Dit leidt tot administratieve lasten die in de toelichting op de AMvB in kaart worden
gebracht.
5. Uitvoering, toezicht en handhaving
Om vroegsignalering van schulden en gegevensuitwisseling bij schuldhulpverlening te
versterken hebben gemeenten, de koepels (VNG, NVVK, Divosa) en vertegenwoordigers
van de belangrijkste publieke en private schuldeisers vele afspraken gemaakt en hulpmiddelen
ontwikkeld. De rijksoverheid heeft daarbij afwisselende rollen: stimuleren, coördineren
en subsidiëren.
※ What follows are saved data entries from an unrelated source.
(* Let $d\in\mathcal{S}G$. The $2$-quasi-abelian code $\mathfrak{C}_{1,d}$ over $\mathcal{S}$ is Hermitian LCD if and only if $\pi(\mathfrak{C}_{1,d})=\mathcal{C}_{1,\pi(d)}$ is a Hermitian LCD $2$-quasi-abelian code over $\mathbb{F}$.
   Context: Let $\mathcal{S}|\mathcal{R}$ be a Galois extension of degree $2$ of finite commutative chain rings, $\mathbf{m}$ the maximal ideal of $\mathcal{S}$, with residue fields $\mathcal{S}/\mathbf{m}=\mathbb{F}=\mathbb{F}_{q^2}$ and $\mathbb{F}_q$ for $\mathcal{R}$; let $\sigma$ generate $\mathrm{Aut}_{\mathcal{R}}(\mathcal{S})$ (order 2). Let $G$ be a finite abelian group of odd order $n$ with $\gcd(n,q)=1$. The Hermitian form on $(\mathcal{S}G)^2$ is $\langle(a_1,b_1),(a_2,b_2)\rangle_H=\sum_g a_{1,g}\sigma(a_{2,g})+\sum_g b_{1,g}\sigma(b_{2,g})$; on $(\mathbb{F}G)^2$ the Hermitian form is $\sum_g a_{1,g}a_{2,g}^q+\sum_g b_{1,g}b_{2,g}^q$. A $2$-quasi-abelian code over $\mathcal{S}$ (resp. $\mathbb{F}$) is an $\mathcal{S}G$- (resp. $\mathbb{F}G$-)submodule of $(\mathcal{S}G)^2$ (resp. $(\mathbb{F}G)^2$); it is Hermitian LCD if it meets its Hermitian dual only in $0$. $\mathfrak{C}_{c,d}=\{(uc,ud):u\in\mathcal{S}G\}$ and $\mathcal{C}_{a,b}=\{(sa,sb):s\in\mathbb{F}G\}$. The map $\pi:\mathcal{S}G\to\mathbb{F}G$ reduces coefficients modulo $\mathbf{m}$, applied componentwise on $(\mathcal{S}G)^2$. *)

From HB Require Import structures.
From mathcomp Require Import all_boot all_order all_algebra all_fingroup.
Set Implicit Arguments. Unset Strict Implicit. Unset Printing Implicit Defensive.
Import GRing.Theory.
Local Open Scope ring_scope.
Lemma inner_vsub_continuous n K (G : vec n -> vec n) y xb : continuous_on K G -> K xb ->
  forall eps, 0 < eps -> exists d, 0 < d /\ forall x, K x -> vdist x xb < d ->
    Rabs (inner (G x) (vsub y x) - inner (G xb) (vsub y xb)) < eps.
Proof.
  intros HG Kxb eps He.
  set (N := vdist y xb + 1). set (Q := vnorm (G xb) + 1).
  assert (HN : 1 <= N) by (unfold N; pose proof (vdist_nonneg n y xb); lra).
  assert (HQ : 1 <= Q) by (unfold Q; pose proof (vnorm_nonneg n (G xb)); lra).
  destruct (HG xb Kxb (eps / (2 * N))) as [d1 [Hd1 H1]]; [apply Rdiv_lt_0_compat; lra|].
  assert (HeQ : 0 < eps / (2 * Q)) by (apply Rdiv_lt_0_compat; lra).
  exists (Rmin 1 (Rmin d1 (eps / (2 * Q)))). split; [repeat apply Rmin_glb_lt; lra|].
  intros x Kx Hx.
  pose proof (Rmin_l 1 (Rmin d1 (eps / (2 * Q)))). pose proof (Rmin_r 1 (Rmin d1 (eps / (2 * Q)))).
  pose proof (Rmin_l d1 (eps / (2 * Q))). pose proof (Rmin_r d1 (eps / (2 * Q))).
  replace (inner (G x) (vsub y x) - inner (G xb) (vsub y xb))
    with (inner (vsub (G x) (G xb)) (vsub y x) + inner (G xb) (vsub xb x))
    by (rewrite !inner_sub_l, !inner_sub_r; ring).
  eapply Rle_lt_trans; [apply Rabs_triang|].
  pose proof (Cauchy_Schwarz n (vsub (G x) (G xb)) (vsub y x)) as C1.
  pose proof (Cauchy_Schwarz n (G xb) (vsub xb x)) as C2.
  fold (vdist (G x) (G xb)) (vdist y x) in C1. fold (vdist xb x) in C2. rewrite vdist_sym in C2.
  specialize (H1 x Kx ltac:(lra)).
  assert (Nyx : vdist y x <= N)
    by (pose proof (vdist_triang n y xb x); rewrite (vdist_sym n xb x) in *; unfold N; lra).
  pose proof (vdist_nonneg n (G x) (G xb)). pose proof (vdist_nonneg n x xb).
  assert (T1 : vdist (G x) (G xb) * vdist y x < eps / 2).
  { apply Rle_lt_trans with (vdist (G x) (G xb) * N); [apply Rmult_le_compat_l; lra|].
    replace (eps / 2) with (eps / (2 * N) * N) by (field; lra). apply Rmult_lt_compat_r; lra. }
  assert (T2 : vnorm (G xb) * vdist x xb <= eps / 2).
  { assert (vnorm (G xb) <= Q) by (unfold Q; lra).
    replace (eps / 2) with (Q * (eps / (2 * Q))) by (field; lra).
    apply Rmult_le_compat; [apply vnorm_nonneg|lra|lra|lra]. }
  lra.
Qed.

(* Closedness of the graph of the solution map along a segment [t |-> path a b t] of weights,
   tested against one point [y]. *)
Lemma Fxi_path_inner_limit n m K (F : Fin.t m -> vec n -> vec n) a b t0 xb y :
  (forall l, continuous_on K (F l)) -> simplex m a -> simplex m b -> K xb ->
  (forall d e, 0 < d -> 0 < e -> exists t x, Rabs (t - t0) < d /\ 0 <= t <= 1 /\ K x /\
      0 <= inner (Fxi F (path a b t) x) (vsub y x) /\ vdist x xb < e) ->
  0 <= inner (Fxi F (path a b t0) xb) (vsub y xb).
Proof.
  intros Hc Ha Hb Kxb H. set (g := fun l x => inner (F l x) (vsub y x)).
  rewrite inner_Fxi. change (0 <= fsum m (fun l => path a b t0 l * g l xb)).
  apply Rnot_lt_le. intros P.
  set (eta := - fsum m (fun l => path a b t0 l * g l xb)). assert (Heta : 0 < eta) by (unfold eta; lra).
  set (D := Rabs (fsum m (fun l => (b l - a l) * g l xb))). assert (HD : 0 <= D) by apply Rabs_pos.
  destruct (uniform_delta m (fun l d => forall x, K x -> vdist x xb < d -> Rabs (g l x - g l xb) < eta / 2))
    as [e [He He2]].
  { intros l d d' H1 H2 x Kx Hx. apply H1; auto. lra. }
  { intros l. apply inner_vsub_continuous; auto. lra. }
  destruct (H (eta / (2 * (D + 1))) e) as [t [x [Ht [Ht01 [Kx [Hf Hd]]]]]]; auto.
  { apply Rdiv_lt_0_compat; lra. }
  rewrite inner_Fxi in Hf. change (0 <= fsum m (fun l => path a b t l * g l x)) in Hf.
  assert (Eq : fsum m (fun l => path a b t l * g l x) = fsum m (fun l => path a b t l * (g l x - g l xb))
                 + (t - t0) * fsum m (fun l => (b l - a l) * g l xb) - eta).
  { unfold eta. rewrite <- fsum_scal, <- fsum_plus, Rminus_def, Ropp_involutive, <- fsum_plus.
    apply fsum_ext; intros l. unfold path. ring. }
  assert (T1 : fsum m (fun l => path a b t l * (g l x - g l xb)) < eta / 2).
  { apply fsum_convex_lt; [apply path_simplex; auto|].
    intros l. specialize (He2 l x Kx Hd). apply Rabs_def2 in He2. lra. }
  assert (T2 : (t - t0) * fsum m (fun l => (b l - a l) * g l xb) < eta / 2).
  { eapply Rle_lt_trans; [apply Rle_abs|]. rewrite Rabs_mult. fold D.
    apply Rle_lt_trans with (eta / (2 * (D + 1)) * D); [apply Rmult_le_compat_r; lra|].
    rewrite Rmult_comm, Rdiv_mult_distr. apply mult_div_succ_lt; lra. }
  lra.
Qed.

Lemma exists_left_close t d : 0 < t -> 0 < d -> exists s, 0 <= s < t /\ Rabs (s - t) < d.
Proof.
  intros Ht Hd. exists (t - Rmin d t / 2).
  pose proof (Rmin_l d t). pose proof (Rmin_r d t). assert (0 < Rmin d t) by (apply Rmin_glb_lt; auto).
  split; [lra|]. rewrite Rabs_left; lra.
Qed.

Section WeakParetoSolutions.

Variables (n m : nat) (K : vec n -> Prop) (F : Fin.t m -> vec n -> vec n) (M : R) (x0 : vec n).
Hypotheses (HKcl : is_closed K) (HKcv : is_convex K)
  (Hcont : forall l, continuous_on K (F l)) (Hmono : forall l, monotone_on K (F l))
  (HM : forall x, SolW F K x -> vnorm x <= M) (Hx0 : SolW F K x0).

Let KR := cap_ball K (M + 1).

Lemma KR_subset : forall x, KR x -> K x.
Proof. intros x [Kx _]; auto. Qed.

Lemma Sol_vnorm_le xi x : simplex m xi -> Sol (Fxi F xi) K x -> vnorm x <= M.
Proof. intros Hxi Hx. apply HM, (Sol_Fxi_SolW n m K F xi); auto. Qed.

Lemma KR_Sol_exists xi : simplex m xi -> exists x, Sol (Fxi F xi) KR x.
Proof.
  intros Hxi. apply (Sol_exists_compact n (M + 1)).
  - apply cap_ball_closed; auto.
  - apply cap_ball_convex; auto.
  - exists x0. split; [apply Hx0|]. pose proof (HM x0 Hx0). lra.
  - intros x [_ Hx]; auto.
  - apply (continuous_on_subset _ K), Fxi_continuous; auto. apply KR_subset.
  - apply (monotone_on_subset _ K), Fxi_monotone; auto; [apply KR_subset|apply Hxi].
Qed.

Lemma KR_Sol_iff xi : simplex m xi -> (exists x, Sol (Fxi F xi) K x) ->
  forall x, Sol (Fxi F xi) KR x <-> Sol (Fxi F xi) K x.
Proof.
  intros Hxi Hex x. split; intros Hx.
  - apply (Sol_cap_ball_interior n K _ (M + 1)); auto.
    assert (vnorm x <= M); [|lra].
    apply (Sol_cap_ball_vnorm_le n K (Fxi F xi) M (M + 1)); auto; try lra.
    + apply Fxi_continuous; auto.
    + apply Fxi_monotone; auto. apply Hxi.
    + intros z. apply Sol_vnorm_le; auto.
  - apply Sol_subset with K; [apply KR_subset| |auto]. split; [apply Hx|].
    pose proof (Sol_vnorm_le xi x Hxi Hx). lra.
Qed.

(* The values lie in a compact set and the graph is closed. *)
Lemma KR_Sol_path_usc a b t (W : vec n -> Prop) :
  simplex m a -> simplex m b -> 0 <= t <= 1 -> is_open W ->
  (forall x, Sol (Fxi F (path a b t)) KR x -> W x) ->
  exists d, 0 < d /\ forall s, 0 <= s <= 1 -> Rabs (s - t) < d ->
    forall x, Sol (Fxi F (path a b s)) KR x -> W x.
Proof.
  intros Ha Hb Ht HW Hsub. apply NNPP. intros C.
  assert (Happ : forall d, 0 < d -> exists s x, Rabs (s - t) < d /\ (KR x /\ ~ W x) /\
                   (0 <= s <= 1 /\ Sol (Fxi F (path a b s)) KR x)).
  { intros d Hd. apply NNPP. intros C2. apply C. exists d. split; auto. intros s Hs Hst x Hx.
    apply NNPP. intros nW. apply C2. exists s, x. split; auto. split; [split; [apply Hx|auto]|auto]. }
  destruct (closed_bounded_cluster n (M + 1) (fun x => KR x /\ ~ W x)
              (fun s x => 0 <= s <= 1 /\ Sol (Fxi F (path a b s)) KR x) t) as [xb [[KRxb nWxb] Hxb]]; auto.
  - apply closed_and; [apply cap_ball_closed; auto|apply open_compl_closed; auto].
  - intros x [[_ Hx] _]. apply vnorm_le_box; auto.
  - apply nWxb, Hsub. split; auto. intros y Hy.
    apply (Fxi_path_inner_limit n m KR F a b t xb y); auto.
    + intros l. apply (continuous_on_subset _ K); auto. apply KR_subset.
    + intros d e Hd He. destruct (Hxb d e Hd He) as [s [x [Hs [[KRx _] [[Hs01 Sx] Hdx]]]]].
      exists s, x. split; [|split; [|split; [|split]]]; auto. apply Sx; auto.
Qed.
De betrokken organisaties zullen deze ontwikkelingsactiviteiten de
komende tijd voortzetten.
Vroegsignalering van schulden
De praktijkervaring die een groot aantal gemeenten inmiddels met vroegsignalering
van schulden heeft opgedaan, is gebundeld in handreikingen die gemeenten gebruiken
om vroegsignalering op grotere schaal toe te passen. De belangrijkste zijn:
– Leidraad Vroegsignalering schulden (2018);
– Vroegsignalering schulden: Lessen uit de praktijk (2018);
– Handreiking vroegsignalering schulden en bescherming van persoonsgegevens (2017).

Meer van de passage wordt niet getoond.